▶ **Task inputs**
+++

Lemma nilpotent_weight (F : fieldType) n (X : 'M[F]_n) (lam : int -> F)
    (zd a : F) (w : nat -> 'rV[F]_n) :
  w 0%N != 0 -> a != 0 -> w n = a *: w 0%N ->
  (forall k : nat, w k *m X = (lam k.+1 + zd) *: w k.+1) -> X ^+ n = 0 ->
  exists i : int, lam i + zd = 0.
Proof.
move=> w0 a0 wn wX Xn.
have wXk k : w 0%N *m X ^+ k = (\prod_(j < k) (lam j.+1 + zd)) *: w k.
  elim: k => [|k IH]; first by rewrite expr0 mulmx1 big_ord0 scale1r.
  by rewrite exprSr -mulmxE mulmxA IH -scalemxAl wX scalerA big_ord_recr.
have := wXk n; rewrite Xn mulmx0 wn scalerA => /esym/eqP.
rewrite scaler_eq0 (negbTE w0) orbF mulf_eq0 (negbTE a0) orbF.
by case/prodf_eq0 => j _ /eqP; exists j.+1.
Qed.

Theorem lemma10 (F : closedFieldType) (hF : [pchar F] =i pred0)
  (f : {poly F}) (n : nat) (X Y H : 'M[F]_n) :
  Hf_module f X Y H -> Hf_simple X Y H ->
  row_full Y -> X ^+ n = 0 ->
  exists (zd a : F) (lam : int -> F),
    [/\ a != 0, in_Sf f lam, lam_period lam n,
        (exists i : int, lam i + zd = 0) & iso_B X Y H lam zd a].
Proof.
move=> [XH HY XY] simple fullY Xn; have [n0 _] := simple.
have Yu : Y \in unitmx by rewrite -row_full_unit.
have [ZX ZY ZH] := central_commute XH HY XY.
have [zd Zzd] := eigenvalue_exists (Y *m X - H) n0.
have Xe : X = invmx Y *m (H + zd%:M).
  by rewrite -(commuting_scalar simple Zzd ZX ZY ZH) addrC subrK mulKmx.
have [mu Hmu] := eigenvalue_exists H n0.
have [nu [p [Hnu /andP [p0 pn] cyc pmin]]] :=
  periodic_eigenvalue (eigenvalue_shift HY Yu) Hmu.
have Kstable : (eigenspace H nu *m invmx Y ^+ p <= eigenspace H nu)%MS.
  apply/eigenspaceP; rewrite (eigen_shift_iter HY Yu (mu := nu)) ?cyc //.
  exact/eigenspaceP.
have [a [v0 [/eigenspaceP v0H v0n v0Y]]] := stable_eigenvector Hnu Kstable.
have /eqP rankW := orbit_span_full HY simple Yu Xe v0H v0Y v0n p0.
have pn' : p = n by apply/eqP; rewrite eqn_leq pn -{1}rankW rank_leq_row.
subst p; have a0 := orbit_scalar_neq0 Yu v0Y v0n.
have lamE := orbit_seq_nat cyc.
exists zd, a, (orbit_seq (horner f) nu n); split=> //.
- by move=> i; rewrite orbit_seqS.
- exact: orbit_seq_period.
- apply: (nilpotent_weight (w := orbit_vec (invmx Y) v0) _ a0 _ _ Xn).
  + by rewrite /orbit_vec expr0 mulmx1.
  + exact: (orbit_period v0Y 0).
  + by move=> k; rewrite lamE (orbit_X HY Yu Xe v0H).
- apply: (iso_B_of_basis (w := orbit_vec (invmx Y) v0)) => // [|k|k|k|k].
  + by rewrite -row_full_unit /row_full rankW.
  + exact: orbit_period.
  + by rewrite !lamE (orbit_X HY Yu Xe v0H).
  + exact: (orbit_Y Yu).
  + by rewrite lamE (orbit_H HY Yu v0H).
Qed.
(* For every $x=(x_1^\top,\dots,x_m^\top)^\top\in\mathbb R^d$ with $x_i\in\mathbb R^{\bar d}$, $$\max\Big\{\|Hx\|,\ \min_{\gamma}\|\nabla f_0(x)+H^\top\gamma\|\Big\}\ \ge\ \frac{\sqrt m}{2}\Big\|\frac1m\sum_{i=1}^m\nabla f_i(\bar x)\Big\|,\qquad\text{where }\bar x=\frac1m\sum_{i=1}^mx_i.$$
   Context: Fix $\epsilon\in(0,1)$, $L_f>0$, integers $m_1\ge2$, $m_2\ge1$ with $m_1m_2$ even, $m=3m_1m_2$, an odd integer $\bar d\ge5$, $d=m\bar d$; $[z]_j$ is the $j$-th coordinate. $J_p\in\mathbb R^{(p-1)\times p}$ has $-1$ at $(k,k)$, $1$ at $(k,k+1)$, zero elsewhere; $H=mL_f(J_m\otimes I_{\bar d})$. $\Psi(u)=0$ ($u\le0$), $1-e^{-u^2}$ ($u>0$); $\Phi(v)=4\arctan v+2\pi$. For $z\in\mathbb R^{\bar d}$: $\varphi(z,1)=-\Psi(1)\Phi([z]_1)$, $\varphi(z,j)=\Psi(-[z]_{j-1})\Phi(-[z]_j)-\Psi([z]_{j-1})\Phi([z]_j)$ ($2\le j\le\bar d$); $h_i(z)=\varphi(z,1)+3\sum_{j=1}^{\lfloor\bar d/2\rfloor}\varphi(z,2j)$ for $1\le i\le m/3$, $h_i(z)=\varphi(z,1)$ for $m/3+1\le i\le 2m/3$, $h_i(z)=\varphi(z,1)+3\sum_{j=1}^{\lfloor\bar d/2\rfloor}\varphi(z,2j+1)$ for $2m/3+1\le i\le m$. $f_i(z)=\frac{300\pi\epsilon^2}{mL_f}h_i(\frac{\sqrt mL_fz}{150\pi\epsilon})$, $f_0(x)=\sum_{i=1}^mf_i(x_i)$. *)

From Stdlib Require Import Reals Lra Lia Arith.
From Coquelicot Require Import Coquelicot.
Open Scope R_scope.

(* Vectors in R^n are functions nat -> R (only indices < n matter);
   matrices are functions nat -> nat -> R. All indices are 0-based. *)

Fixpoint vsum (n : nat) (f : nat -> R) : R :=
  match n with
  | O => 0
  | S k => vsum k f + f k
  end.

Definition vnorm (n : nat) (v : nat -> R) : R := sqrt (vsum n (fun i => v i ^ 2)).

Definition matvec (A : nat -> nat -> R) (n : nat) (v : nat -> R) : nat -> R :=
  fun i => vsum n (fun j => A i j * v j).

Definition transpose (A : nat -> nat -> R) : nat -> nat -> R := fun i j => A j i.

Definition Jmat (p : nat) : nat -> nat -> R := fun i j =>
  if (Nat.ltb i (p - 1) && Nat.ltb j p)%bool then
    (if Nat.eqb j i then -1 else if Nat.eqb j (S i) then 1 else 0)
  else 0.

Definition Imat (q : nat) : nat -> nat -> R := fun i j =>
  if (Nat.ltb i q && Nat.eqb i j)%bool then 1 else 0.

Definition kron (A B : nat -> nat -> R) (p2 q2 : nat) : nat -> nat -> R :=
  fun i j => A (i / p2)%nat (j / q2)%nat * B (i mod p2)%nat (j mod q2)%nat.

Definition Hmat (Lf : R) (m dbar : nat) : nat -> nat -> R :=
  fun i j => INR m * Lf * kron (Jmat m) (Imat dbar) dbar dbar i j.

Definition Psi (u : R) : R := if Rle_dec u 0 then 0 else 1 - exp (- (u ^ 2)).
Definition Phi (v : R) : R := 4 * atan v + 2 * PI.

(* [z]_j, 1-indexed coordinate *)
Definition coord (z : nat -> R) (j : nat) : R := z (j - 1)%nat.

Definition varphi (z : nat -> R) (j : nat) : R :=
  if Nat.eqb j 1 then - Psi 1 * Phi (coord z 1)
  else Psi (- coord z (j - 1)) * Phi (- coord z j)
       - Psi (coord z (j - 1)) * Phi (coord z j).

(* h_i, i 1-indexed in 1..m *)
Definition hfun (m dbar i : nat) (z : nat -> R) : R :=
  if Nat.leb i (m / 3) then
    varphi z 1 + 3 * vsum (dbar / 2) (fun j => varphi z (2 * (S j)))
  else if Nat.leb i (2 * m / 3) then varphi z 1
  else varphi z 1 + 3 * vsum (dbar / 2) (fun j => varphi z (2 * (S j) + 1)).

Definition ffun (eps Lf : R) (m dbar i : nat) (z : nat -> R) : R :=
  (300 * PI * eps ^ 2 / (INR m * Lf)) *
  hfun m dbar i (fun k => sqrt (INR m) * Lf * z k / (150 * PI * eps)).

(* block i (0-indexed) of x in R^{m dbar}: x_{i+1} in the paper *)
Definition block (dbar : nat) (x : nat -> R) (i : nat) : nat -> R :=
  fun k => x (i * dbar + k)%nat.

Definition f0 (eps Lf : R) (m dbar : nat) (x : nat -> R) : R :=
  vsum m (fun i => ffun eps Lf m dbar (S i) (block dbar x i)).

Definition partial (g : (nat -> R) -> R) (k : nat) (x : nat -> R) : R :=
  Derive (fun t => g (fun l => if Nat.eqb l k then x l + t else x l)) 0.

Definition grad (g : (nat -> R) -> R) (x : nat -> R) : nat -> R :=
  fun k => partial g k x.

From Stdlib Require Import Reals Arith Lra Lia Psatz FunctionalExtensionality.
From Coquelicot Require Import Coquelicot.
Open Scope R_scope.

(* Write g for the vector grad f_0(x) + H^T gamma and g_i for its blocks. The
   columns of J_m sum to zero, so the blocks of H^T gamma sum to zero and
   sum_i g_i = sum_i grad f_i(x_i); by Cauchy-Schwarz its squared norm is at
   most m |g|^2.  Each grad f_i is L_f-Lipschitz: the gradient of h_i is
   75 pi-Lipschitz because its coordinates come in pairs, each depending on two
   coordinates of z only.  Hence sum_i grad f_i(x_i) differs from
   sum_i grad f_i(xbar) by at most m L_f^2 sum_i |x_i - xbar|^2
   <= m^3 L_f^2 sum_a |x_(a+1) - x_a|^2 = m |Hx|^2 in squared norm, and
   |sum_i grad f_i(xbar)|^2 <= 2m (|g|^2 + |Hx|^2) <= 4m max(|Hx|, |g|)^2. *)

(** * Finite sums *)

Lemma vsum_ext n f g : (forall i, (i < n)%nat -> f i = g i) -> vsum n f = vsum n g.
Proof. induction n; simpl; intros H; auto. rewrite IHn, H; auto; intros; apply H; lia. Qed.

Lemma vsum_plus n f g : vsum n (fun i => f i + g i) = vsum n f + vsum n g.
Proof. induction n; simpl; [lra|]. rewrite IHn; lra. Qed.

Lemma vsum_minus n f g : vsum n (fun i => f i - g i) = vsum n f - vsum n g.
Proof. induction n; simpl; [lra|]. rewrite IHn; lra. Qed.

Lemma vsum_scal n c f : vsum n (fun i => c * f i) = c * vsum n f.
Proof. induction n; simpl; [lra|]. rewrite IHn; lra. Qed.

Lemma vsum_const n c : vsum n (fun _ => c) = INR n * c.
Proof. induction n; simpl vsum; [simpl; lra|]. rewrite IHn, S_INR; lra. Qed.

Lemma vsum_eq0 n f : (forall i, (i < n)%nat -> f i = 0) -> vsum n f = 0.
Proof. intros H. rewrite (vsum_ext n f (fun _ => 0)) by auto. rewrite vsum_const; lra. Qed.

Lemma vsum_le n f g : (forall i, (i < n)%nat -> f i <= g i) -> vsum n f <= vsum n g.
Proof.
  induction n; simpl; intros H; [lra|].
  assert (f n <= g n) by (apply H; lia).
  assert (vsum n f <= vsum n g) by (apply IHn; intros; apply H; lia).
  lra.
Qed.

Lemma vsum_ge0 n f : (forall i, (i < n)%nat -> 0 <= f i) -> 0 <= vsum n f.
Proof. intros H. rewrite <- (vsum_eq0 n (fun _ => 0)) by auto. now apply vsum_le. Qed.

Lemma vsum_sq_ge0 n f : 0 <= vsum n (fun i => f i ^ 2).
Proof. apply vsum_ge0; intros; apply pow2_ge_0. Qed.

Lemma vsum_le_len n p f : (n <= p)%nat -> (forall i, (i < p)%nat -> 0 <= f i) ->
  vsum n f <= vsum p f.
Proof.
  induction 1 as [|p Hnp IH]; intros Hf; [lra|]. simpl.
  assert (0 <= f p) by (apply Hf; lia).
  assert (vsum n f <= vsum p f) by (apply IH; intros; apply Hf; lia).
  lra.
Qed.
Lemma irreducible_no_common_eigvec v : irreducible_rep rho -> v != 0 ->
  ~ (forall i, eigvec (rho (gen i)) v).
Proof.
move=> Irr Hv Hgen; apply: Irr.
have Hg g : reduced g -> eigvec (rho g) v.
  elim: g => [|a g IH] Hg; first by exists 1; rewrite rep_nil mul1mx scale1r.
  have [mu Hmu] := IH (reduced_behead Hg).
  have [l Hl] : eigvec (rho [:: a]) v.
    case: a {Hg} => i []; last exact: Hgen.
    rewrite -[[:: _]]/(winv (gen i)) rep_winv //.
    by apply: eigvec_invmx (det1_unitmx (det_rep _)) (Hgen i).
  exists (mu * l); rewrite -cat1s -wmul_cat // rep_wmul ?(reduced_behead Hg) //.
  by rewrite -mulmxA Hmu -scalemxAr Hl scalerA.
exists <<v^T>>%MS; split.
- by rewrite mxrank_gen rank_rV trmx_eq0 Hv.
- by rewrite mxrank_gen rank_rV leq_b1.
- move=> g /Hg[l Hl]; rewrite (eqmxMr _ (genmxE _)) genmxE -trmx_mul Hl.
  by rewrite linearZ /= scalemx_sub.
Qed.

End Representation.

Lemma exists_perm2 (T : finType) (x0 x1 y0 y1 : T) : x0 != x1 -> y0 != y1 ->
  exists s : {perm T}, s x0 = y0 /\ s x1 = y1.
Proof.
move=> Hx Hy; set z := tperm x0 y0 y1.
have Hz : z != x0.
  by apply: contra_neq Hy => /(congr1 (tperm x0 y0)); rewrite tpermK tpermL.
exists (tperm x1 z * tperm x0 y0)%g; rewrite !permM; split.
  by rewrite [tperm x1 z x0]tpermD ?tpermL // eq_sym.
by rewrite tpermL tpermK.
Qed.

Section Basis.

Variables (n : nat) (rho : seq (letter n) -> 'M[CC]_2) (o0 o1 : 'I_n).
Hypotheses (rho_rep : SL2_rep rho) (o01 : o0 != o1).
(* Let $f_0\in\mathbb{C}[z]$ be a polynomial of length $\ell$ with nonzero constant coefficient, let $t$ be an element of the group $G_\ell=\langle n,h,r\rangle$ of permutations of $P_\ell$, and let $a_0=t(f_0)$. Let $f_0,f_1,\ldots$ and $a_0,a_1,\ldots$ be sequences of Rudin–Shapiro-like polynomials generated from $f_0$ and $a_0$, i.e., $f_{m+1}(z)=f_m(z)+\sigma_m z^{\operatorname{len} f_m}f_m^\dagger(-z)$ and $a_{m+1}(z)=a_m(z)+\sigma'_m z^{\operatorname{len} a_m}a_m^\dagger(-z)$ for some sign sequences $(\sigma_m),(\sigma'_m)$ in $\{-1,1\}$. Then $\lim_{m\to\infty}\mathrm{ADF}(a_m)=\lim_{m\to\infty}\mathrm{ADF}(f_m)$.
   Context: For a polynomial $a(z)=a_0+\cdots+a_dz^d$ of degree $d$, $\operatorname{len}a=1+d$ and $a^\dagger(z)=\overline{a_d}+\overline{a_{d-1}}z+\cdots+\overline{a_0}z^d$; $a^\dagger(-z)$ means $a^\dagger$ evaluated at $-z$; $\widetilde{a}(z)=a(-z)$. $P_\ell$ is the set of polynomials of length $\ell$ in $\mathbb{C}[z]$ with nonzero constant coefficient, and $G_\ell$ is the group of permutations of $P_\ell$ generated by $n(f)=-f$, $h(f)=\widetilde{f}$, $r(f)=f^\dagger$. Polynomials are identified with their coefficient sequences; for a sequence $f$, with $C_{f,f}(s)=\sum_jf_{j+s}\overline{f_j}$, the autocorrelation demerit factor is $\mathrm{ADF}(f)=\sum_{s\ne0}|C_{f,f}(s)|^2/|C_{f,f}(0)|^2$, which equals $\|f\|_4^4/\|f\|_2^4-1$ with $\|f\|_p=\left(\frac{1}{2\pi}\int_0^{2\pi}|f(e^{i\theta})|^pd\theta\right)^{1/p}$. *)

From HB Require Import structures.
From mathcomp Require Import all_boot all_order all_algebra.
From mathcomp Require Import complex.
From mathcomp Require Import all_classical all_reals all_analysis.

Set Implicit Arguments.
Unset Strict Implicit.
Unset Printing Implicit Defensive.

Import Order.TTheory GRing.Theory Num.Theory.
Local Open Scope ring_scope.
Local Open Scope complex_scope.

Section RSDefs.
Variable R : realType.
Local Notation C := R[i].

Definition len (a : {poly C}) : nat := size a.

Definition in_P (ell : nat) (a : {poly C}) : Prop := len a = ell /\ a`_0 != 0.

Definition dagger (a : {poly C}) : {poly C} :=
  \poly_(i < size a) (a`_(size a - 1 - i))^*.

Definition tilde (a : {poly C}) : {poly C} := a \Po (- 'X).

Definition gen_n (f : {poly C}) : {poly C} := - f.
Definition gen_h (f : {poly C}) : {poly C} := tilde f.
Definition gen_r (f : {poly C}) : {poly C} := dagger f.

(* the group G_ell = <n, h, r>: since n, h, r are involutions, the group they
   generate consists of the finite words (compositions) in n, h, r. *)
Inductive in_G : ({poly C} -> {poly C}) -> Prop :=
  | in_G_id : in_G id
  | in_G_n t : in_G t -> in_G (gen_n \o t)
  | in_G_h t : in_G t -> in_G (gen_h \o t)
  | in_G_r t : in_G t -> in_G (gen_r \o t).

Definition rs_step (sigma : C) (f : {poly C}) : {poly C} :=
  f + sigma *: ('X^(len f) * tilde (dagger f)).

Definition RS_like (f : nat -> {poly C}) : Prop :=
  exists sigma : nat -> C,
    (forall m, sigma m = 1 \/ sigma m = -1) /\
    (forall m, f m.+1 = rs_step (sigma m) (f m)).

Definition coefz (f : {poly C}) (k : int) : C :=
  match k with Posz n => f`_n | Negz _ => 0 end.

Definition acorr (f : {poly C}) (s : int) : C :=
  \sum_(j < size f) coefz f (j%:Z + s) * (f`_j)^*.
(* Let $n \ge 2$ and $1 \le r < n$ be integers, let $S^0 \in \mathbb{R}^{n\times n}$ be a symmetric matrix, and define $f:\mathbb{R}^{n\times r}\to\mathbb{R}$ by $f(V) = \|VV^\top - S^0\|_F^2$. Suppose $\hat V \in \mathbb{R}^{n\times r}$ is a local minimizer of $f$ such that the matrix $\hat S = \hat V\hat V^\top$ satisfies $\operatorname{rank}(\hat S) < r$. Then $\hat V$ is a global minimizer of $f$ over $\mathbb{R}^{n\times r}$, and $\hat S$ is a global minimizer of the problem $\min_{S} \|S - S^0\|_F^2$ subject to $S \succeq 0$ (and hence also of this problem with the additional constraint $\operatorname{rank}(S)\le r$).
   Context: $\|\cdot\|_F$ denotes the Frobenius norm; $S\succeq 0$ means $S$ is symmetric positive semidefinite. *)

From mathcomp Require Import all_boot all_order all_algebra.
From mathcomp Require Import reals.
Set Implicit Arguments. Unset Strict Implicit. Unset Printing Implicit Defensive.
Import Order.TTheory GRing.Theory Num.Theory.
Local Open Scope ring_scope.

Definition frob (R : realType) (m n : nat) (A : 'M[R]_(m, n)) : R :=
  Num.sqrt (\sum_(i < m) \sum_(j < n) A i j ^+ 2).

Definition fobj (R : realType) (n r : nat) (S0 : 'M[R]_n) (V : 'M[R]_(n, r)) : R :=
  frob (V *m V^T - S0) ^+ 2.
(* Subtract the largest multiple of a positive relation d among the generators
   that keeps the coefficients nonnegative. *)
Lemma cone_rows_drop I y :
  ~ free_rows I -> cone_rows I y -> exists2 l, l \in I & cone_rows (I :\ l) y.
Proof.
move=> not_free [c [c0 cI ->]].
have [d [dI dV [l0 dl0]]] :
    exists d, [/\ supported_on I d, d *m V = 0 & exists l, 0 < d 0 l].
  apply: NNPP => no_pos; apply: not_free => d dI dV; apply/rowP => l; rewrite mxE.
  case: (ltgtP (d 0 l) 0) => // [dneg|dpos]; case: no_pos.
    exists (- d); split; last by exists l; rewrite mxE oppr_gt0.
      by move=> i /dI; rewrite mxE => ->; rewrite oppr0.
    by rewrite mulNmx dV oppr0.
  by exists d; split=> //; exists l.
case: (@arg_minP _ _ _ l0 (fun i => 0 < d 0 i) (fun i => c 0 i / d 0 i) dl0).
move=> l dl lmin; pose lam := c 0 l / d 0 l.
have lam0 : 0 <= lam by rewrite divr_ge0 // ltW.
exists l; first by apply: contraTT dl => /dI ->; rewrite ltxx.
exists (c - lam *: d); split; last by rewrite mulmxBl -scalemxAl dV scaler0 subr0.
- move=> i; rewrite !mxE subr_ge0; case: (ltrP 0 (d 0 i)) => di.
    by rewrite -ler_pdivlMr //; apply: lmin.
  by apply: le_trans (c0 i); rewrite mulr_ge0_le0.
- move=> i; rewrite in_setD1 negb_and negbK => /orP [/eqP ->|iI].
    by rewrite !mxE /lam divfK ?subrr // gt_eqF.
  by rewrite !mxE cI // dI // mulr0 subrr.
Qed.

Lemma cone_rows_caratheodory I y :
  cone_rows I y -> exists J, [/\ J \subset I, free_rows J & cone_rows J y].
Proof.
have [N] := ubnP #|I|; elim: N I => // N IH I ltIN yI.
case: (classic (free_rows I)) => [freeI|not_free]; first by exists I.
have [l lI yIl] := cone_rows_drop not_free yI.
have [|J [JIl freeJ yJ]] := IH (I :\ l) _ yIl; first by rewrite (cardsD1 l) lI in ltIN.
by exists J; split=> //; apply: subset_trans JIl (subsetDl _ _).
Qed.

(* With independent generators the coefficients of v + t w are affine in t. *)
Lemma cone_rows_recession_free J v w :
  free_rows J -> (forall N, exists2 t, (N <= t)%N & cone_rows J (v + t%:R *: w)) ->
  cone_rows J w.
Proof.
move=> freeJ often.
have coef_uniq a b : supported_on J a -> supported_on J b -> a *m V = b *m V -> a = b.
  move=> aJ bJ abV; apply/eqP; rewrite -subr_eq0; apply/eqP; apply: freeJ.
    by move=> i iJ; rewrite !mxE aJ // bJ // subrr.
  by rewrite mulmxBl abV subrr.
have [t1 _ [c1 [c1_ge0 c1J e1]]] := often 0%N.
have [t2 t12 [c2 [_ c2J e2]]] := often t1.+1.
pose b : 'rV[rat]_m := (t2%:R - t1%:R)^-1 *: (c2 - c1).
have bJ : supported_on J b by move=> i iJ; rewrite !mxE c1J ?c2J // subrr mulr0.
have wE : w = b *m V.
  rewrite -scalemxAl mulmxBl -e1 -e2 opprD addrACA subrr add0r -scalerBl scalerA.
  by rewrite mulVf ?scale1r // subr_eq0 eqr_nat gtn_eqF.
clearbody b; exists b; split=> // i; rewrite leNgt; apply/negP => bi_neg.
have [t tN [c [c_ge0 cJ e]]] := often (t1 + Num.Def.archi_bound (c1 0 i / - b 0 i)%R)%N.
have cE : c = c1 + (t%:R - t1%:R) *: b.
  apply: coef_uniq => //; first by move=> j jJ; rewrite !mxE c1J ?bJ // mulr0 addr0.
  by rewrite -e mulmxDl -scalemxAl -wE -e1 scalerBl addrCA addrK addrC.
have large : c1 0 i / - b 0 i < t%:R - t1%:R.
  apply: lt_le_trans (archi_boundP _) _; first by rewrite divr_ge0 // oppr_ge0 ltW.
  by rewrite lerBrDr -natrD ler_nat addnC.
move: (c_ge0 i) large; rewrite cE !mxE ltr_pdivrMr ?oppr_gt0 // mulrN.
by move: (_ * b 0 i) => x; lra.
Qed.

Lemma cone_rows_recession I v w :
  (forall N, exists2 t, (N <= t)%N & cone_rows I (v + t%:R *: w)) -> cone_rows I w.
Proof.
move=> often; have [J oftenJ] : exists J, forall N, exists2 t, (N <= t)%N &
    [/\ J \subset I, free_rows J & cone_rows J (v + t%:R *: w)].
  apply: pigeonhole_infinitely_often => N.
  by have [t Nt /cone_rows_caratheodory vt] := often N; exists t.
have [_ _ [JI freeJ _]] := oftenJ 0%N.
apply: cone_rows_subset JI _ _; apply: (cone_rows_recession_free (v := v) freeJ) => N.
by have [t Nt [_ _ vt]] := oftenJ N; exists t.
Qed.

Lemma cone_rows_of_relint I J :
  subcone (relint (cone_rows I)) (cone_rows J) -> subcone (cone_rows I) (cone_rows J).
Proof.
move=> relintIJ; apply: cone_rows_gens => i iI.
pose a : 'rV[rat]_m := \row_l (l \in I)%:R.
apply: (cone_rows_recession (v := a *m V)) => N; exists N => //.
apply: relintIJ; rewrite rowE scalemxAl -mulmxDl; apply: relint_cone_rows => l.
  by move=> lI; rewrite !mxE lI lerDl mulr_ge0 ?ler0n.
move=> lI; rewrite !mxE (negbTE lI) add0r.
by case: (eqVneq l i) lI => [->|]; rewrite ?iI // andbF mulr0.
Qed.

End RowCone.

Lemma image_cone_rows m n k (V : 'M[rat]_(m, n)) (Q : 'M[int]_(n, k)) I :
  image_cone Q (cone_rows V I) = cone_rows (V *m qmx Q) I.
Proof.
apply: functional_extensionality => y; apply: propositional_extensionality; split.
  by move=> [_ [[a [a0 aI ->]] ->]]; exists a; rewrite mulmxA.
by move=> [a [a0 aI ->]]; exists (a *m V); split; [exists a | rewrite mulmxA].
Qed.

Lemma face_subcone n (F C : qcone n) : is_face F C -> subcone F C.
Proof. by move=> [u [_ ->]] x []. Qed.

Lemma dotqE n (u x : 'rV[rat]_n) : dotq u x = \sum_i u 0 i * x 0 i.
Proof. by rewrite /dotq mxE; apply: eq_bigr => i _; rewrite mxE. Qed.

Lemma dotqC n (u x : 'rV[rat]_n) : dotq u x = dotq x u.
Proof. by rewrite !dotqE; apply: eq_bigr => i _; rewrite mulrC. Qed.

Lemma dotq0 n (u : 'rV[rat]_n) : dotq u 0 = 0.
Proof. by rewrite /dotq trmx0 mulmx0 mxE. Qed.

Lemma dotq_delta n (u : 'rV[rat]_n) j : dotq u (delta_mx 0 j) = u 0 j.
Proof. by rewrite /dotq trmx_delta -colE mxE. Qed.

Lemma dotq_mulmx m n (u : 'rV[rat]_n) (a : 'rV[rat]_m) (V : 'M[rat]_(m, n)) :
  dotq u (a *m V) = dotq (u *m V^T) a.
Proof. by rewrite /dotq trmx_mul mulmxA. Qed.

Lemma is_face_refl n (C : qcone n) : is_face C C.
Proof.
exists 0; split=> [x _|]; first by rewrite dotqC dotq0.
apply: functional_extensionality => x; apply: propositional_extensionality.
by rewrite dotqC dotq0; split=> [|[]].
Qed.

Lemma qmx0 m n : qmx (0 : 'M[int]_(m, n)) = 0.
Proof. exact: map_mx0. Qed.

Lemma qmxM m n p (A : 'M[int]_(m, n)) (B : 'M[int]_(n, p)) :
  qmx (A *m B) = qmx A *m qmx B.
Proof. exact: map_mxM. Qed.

+++

▶ **Work task**
Only the lines from the one containing "have [l Hl] : eigvec (rho [:: a]) v." through the one containing "be a polynomial" are to be retyped, both boundary lines included, with no other material.

▶ **Exercise result**
  have [l Hl] : eigvec (rho [:: a]) v.
    case: a {Hg} => i []; last exact: Hgen.
    rewrite -[[:: _]]/(winv (gen i)) rep_winv //.
    by apply: eigvec_invmx (det1_unitmx (det_rep _)) (Hgen i).
  exists (mu * l); rewrite -cat1s -wmul_cat // rep_wmul ?(reduced_behead Hg) //.
  by rewrite -mulmxA Hmu -scalemxAr Hl scalerA.
exists <<v^T>>%MS; split.
- by rewrite mxrank_gen rank_rV trmx_eq0 Hv.
- by rewrite mxrank_gen rank_rV leq_b1.
- move=> g /Hg[l Hl]; rewrite (eqmxMr _ (genmxE _)) genmxE -trmx_mul Hl.
  by rewrite linearZ /= scalemx_sub.
Qed.

End Representation.

Lemma exists_perm2 (T : finType) (x0 x1 y0 y1 : T) : x0 != x1 -> y0 != y1 ->
  exists s : {perm T}, s x0 = y0 /\ s x1 = y1.
Proof.
move=> Hx Hy; set z := tperm x0 y0 y1.
have Hz : z != x0.
  by apply: contra_neq Hy => /(congr1 (tperm x0 y0)); rewrite tpermK tpermL.
exists (tperm x1 z * tperm x0 y0)%g; rewrite !permM; split.
  by rewrite [tperm x1 z x0]tpermD ?tpermL // eq_sym.
by rewrite tpermL tpermK.
Qed.

Section Basis.

Variables (n : nat) (rho : seq (letter n) -> 'M[CC]_2) (o0 o1 : 'I_n).
Hypotheses (rho_rep : SL2_rep rho) (o01 : o0 != o1).
(* Let $f_0\in\mathbb{C}[z]$ be a polynomial of length $\ell$ with nonzero constant coefficient, let $t$ be an element of the group $G_\ell=\langle n,h,r\rangle$ of permutations of $P_\ell$, and let $a_0=t(f_0)$. Let $f_0,f_1,\ldots$ and $a_0,a_1,\ldots$ be sequences of Rudin–Shapiro-like polynomials generated from $f_0$ and $a_0$, i.e., $f_{m+1}(z)=f_m(z)+\sigma_m z^{\operatorname{len} f_m}f_m^\dagger(-z)$ and $a_{m+1}(z)=a_m(z)+\sigma'_m z^{\operatorname{len} a_m}a_m^\dagger(-z)$ for some sign sequences $(\sigma_m),(\sigma'_m)$ in $\{-1,1\}$. Then $\lim_{m\to\infty}\mathrm{ADF}(a_m)=\lim_{m\to\infty}\mathrm{ADF}(f_m)$.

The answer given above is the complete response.